═════ Input material ═════

Theorem mainTheorem8 (R : realType) (n : nat) (a : 'I_n.+1 -> R[i])
    (Om : R[i] -> Prop) :
  (1 <= n)%N ->
  invertible_on_Pn n (Dop a) ->
  convex_circular_domain Om ->
  (forall z, Zset (Dop a (phi R n)) z -> Om z) ->
  forall f : {poly R[i]}, inPn n f -> f != 0 ->
    forall w, Zset (Dop a f) w -> msum (Zset f) Om w.
Proof.
move=> _ /invertible_Dop_coef0 a0.
move=> /convex_circular_domain_cform [st [A [b [g [A_ge0 g_real hOm]]]]].
move=> hQ f fPn f0 w hw; apply: NNPP => not_sum.
pose h := f \Po ('X + w%:P).
have size_h : size h = (size f).-1.+1.
  by rewrite size_comp_poly2 ?size_XaddC // prednK // size_poly_gt0.
have h_roots v : root h v -> ~~ in_cdom st A b g (- v).
  rewrite /root horner_comp !hornerE => fv; apply/negP => /hOm Om_v.
  apply: not_sum; exists (v + w), (- v).
  by split=> //; split=> //; rewrite [v + w]addrC addrK.
have le_fn : ((size f).-1 <= n)%N by rewrite -ltnS prednK ?size_poly_gt0.
have Q_roots z : root (diffop n.+1 (ord_coef a) (phi R n)) z -> in_cdom st A b g z.
  by rewrite -Dop_diffop => /hQ /hOm.
have := horner0_diffop_neq0 A_ge0 g_real size_h le_fn a0 Q_roots h_roots.
by rewrite /h horner_diffop_shift -Dop_diffop (rootP hw) eqxx.
Qed.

═════

__Your objective__. Show every line of the data that includes the string "have".

__Exercise output__.
have size_h : size h = (size f).-1.+1.
have h_roots v : root h v -> ~~ in_cdom st A b g (- v).
have le_fn : ((size f).-1 <= n)%N by rewrite -ltnS prednK ?size_poly_gt0.
have Q_roots z : root (diffop n.+1 (ord_coef a) (phi R n)) z -> in_cdom st A b g z.
have := horner0_diffop_neq0 A_ge0 g_real size_h le_fn a0 Q_roots h_roots.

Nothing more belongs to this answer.